Question

A person is Head of two independent selection committees I and II. If the probability of making a wrong selection in committee I is 0.03 and in committee II is 0.01, then find the probability that the person makes the correct decision of selection: (i) in both committees (ii) in only one committee

Hint:

To solve probability problems involving independent events, remember to multiply the probabilities for the combined event. For events happening in one committee, you can compute the probability for each case and sum them up.

Answer 1

Let $W_1$ denote the event of a wrong decision in committee I, and $W_2$ denote the event of a wrong decision in committee II. The probabilities of these events are given by: \[ P(W_1) = 0.03, \quad P(W_2) = 0.01. \] The probabilities of making a correct decision in each committee, denoted by $C_1$ and $C_2$ respectively, are: \[ P(C_1) = 1 - P(W_1) = 0.97, \quad P(C_2) = 1 - P(W_2) = 0.99. \] Calculations for the required probabilities are as follows: (i) Probability of a correct decision in both committees: Due to the independence of decisions in the two committees, this probability is the product of the individual correct decision probabilities: \[ P(C_1 \cap C_2) = P(C_1) \times P(C_2) = 0.97 \times 0.99 = 0.9603. \] (ii) Probability of a correct decision in exactly one committee: This can occur in two mutually exclusive scenarios: - Correct decision in committee I and wrong decision in committee II ($C_1 \cap W_2$). - Wrong decision in committee I and correct decision in committee II ($W_1 \cap C_2$).

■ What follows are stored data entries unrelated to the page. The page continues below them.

(* Let $k$ be an algebraically closed field with $\operatorname{char}(k)\nmid(d+1)!$, $S=k[x_1,\dots,x_n]$, $\mathcal{D}=k[z_1,\dots,z_n]$, with the apolarity action $\mathcal{D}\times S\to S$, $F\circ g=F(\partial/\partial x_1,\dots,\partial/\partial x_n)\,g$. For $f\in S_{d+1}$, the apolar ideal $f^{\perp}=\{F\in\mathcal{D}\mid F\circ f=0\}$ has a minimal generator in degree $d+1$ if and only if there exists $g\in S_{d+1}$, not a scalar multiple of $f$, such that $\langle\nabla g\rangle\subset\langle\nabla f\rangle$.
   Context: $\langle\nabla f\rangle$ denotes the $k$-span of $\partial f/\partial x_1,\dots,\partial f/\partial x_n$ in $S_d$. *)

From HB Require Import structures.
From mathcomp Require Import all_boot all_order all_algebra.
From mathcomp Require Import mpoly.
Set Implicit Arguments. Unset Strict Implicit. Unset Printing Implicit Defensive.
Import Order.TTheory GRing.Theory.
Local Open Scope ring_scope.

(* S = k[x_1..x_n] and D = k[z_1..z_n] are both modelled by {mpoly k[n]}. *)

Definition apolar (k : fieldType) (n : nat) (F g : {mpoly k[n]}) : {mpoly k[n]} :=
  \sum_(m <- msupp F) F@_m *: mderivm m g.

Definition in_apolar (k : fieldType) (n : nat) (f F : {mpoly k[n]}) : Prop :=
  apolar F f = 0.

Definition in_ideal_gen (k : fieldType) (n : nat)
  (P : {mpoly k[n]} -> Prop) (F : {mpoly k[n]}) : Prop :=
  exists (s : seq ({mpoly k[n]} * {mpoly k[n]})),
    (forall hG, hG \in s -> P hG.2) /\ F = \sum_(hG <- s) hG.1 * hG.2.

Definition has_min_gen_in_degree (k : fieldType) (n : nat)
  (f : {mpoly k[n]}) (e : nat) : Prop :=
  exists F : {mpoly k[n]},
    [/\ F \is e.-homog, in_apolar f F &
      ~ in_ideal_gen (fun G => in_apolar f G /\ exists j, (j < e)%N /\ G \is j.-homog) F].

Definition grad_span_sub (k : fieldType) (n : nat) (g f : {mpoly k[n]}) : Prop :=
  forall i : 'I_n, exists c : 'I_n -> k,
    mderiv i g = \sum_(j < n) c j *: mderiv j f.

From HB Require Import structures.
From mathcomp Require Import all_boot all_order all_algebra.
From mathcomp Require Import ssrcomplements mpoly.
Import GRing.Theory.
Local Open Scope ring_scope.

Set Implicit Arguments. Unset Strict Implicit. Unset Printing Implicit Defensive.

(* The apolarity pairing [<F, h> := (F o h)(0) = sum_m F_m h_m m!] is perfect
   on forms of each degree e <= d+1, since char k does not divide (d+1)!: in
   monomial coordinates it is diagonal with invertible entries.  So a form of
   degree e outside the span of finitely many forms is separated from them by
   a form orthogonal to all of them, and the orthogonal of a finite family is
   finitely spanned.
   If g is not in k f and <grad g> is in <grad f>, separate g from f by some
   F in f^perp of degree d+1; every element of f^perp of lower degree kills g,
   so F is not in the ideal they generate.
   Conversely the degree d+1 part of that ideal contains the x_j G with
   G in (f^perp)_d = <grad f>^perp, so a minimal generator F is separated from
   it by some g.  Then <G, d_j g> = <x_j G, g> = 0 puts d_j g in
   <grad f>^perp^perp = <grad f>, and <F, f> = 0 <> <F, g>. *)

Lemma nsubmx_separating_vector (k : fieldType) (m N : nat)
    (A : 'M[k]_(m, N)) (v : 'rV[k]_N) :
  ~~ (v <= A)%MS -> exists w : 'cV[k]_N, A *m w = 0 /\ (v *m w) 0 0 != 0.
Proof.
rewrite submxE => vA.
have /existsP [c vc] : [exists c, (v *m cokermx A) 0 c != 0].
  apply: contraNT vA => /existsPn vc0; apply/eqP/rowP => c.
  by rewrite [RHS]mxE; apply/eqP/negPn/vc0.
exists (col c (cokermx A)); rewrite colE; split.
  by rewrite mulmxA mulmx_coker mul0mx.
by rewrite mulmxA -colE mxE.
Qed.

Lemma row_dotC (k : fieldType) (N : nat) (u v : 'rV[k]_N) :
  (u *m v^T) 0 0 = (v *m u^T) 0 0.
Proof. by rewrite -[u in LHS]trmxK -trmx_mul mxE. Qed.

Section Apolarity.
Variables (k : fieldType) (n : nat).
Implicit Types (F G g h p : {mpoly k[n]}) (m : 'X_{1..n}).

Lemma msize_dhomog e p : p \is e.-homog -> (msize p <= e.+1)%N.
Proof.
move=> hp; rewrite msizeE; apply/bigmax_leqP_seq => m m_p _.
by rewrite (dhomog_mf hp m_p).
Qed.

Lemma mderivm_dhomog e m h :
  h \is e.-homog -> (mdeg m <= e)%N -> mderivm m h \is (e - mdeg m).-homog.
Proof.
move=> hh le_me; apply/dhomogP => m' /[!mcoeff_msupp]; apply: contraNeq => ne.
rewrite mcoeff_mderivm (dhomog_nemf_coeff hh) ?mul0rn //.
by apply: contra ne => /eqP <-; rewrite /= mdegD addKn.
Qed.

Lemma mderiv_dhomog e i p : p \is e.+1.-homog -> mderiv i p \is e.-homog.
Proof.
move=> hp; have := mderivm_dhomog (m := U_(i)) hp.
by rewrite mdeg1 subn1 mderivmU1m; apply.
Qed.

Lemma apolarwE K F h :
  (msize F <= K)%N -> apolar F h = \sum_(m : 'X_{1..n < K}) F@_m *: mderivm m h.
Proof.
move=> le_FK; pose I : subFinType _ := 'X_{1..n < K}.
rewrite /apolar (big_mksub I) //=; first last.
- by move=> m /msize_mdeg_lt /leq_trans; apply.
- by rewrite msupp_uniq.
by rewrite big_rmcond //= => m /memN_msupp_eq0 ->; rewrite scale0r.
Qed.

Lemma apolar_is_linear F : linear (apolar F).
Proof.
move=> a g h; rewrite /apolar scaler_sumr -big_split; apply: eq_bigr => m _.
by rewrite linearP scalerDr !scalerA mulrC.
Qed.

HB.instance Definition _ F :=
  GRing.isLinear.Build k {mpoly k[n]} {mpoly k[n]} _ (apolar F) (apolar_is_linear F).

Lemma apolar_linear_l a F G h :
  apolar (a *: F + G) h = a *: apolar F h + apolar G h.
Proof.
pose K := (msize F + msize G)%N.
have leF : (msize F <= K)%N by rewrite leq_addr.
have leG : (msize G <= K)%N by rewrite leq_addl.
have leFG : (msize (a *: F + G) <= K)%N.
  rewrite (leq_trans (msizeD_le _ _)) // geq_max leG andbT.
  exact: leq_trans (msizeZ_le _ _) leF.
rewrite !(apolarwE h leF, apolarwE h leG, apolarwE h leFG) scaler_sumr -big_split.
by apply: eq_bigr => m _; rewrite mcoeffD mcoeffZ scalerDl scalerA.
Qed.

Lemma apolar0l h : apolar 0 h = 0.
Proof. by rewrite /apolar msupp0 big_nil. Qed.

Lemma apolarDl F G h : apolar (F + G) h = apolar F h + apolar G h.
Proof. by have := apolar_linear_l 1 F G h; rewrite !scale1r. Qed.

Lemma apolarZl a F h : apolar (a *: F) h = a *: apolar F h.
Proof. by have := apolar_linear_l a F 0 h; rewrite !addr0 apolar0l addr0. Qed.

Lemma apolar_suml (I : Type) (r : seq I) (P : pred I) (Fs : I -> {mpoly k[n]}) h :
  apolar (\sum_(i <- r | P i) Fs i) h = \sum_(i <- r | P i) apolar (Fs i) h.
Proof. exact: (big_morph _ (fun F G => apolarDl F G h) (apolar0l h)). Qed.

Lemma apolarX m h : apolar 'X_[m] h = mderivm m h.
Proof. by rewrite /apolar msuppX big_seq1 mcoeffX eqxx scale1r. Qed.

Lemma apolarXi i h : apolar 'X_i h = mderiv i h.
Proof. by rewrite apolarX mderivmU1m. Qed.

Lemma apolarM F G h : apolar (F * G) h = apolar F (apolar G h).
Proof.
rewrite {1}[F]mpolyE mulr_suml apolar_suml [in RHS]/apolar.
apply: eq_bigr => a _; rewrite -scalerAl apolarZl; congr (_ *: _).
rewrite {1}[G]mpolyE mulr_sumr apolar_suml linear_sum; apply: eq_bigr => b _.
by rewrite -scalerAr apolarZl -mpolyXD apolarX linearZ addmC mderivmDm.
Qed.

Lemma apolar_mderiv i F h : apolar F (mderiv i h) = mderiv i (apolar F h).
Proof. by rewrite -apolarXi -apolarM mulrC apolarM apolarXi. Qed.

The probabilities for these scenarios are: \[ P(C_1 \cap W_2) = P(C_1) \times P(W_2) = 0.97 \times 0.01 = 0.0097. \] \[ P(W_1 \cap C_2) = P(W_1) \times P(C_2) = 0.03 \times 0.99 = 0.0297. \] The total probability of a correct decision in only one committee is the sum of these probabilities: \[ 0.0097 + 0.0297 = 0.0394. \] The final results are: (i) The probability of making the correct decision in both committees is \( \boxed{0.9603} \). (ii) The probability of making the correct decision in only one committee is \( \boxed{0.0394} \).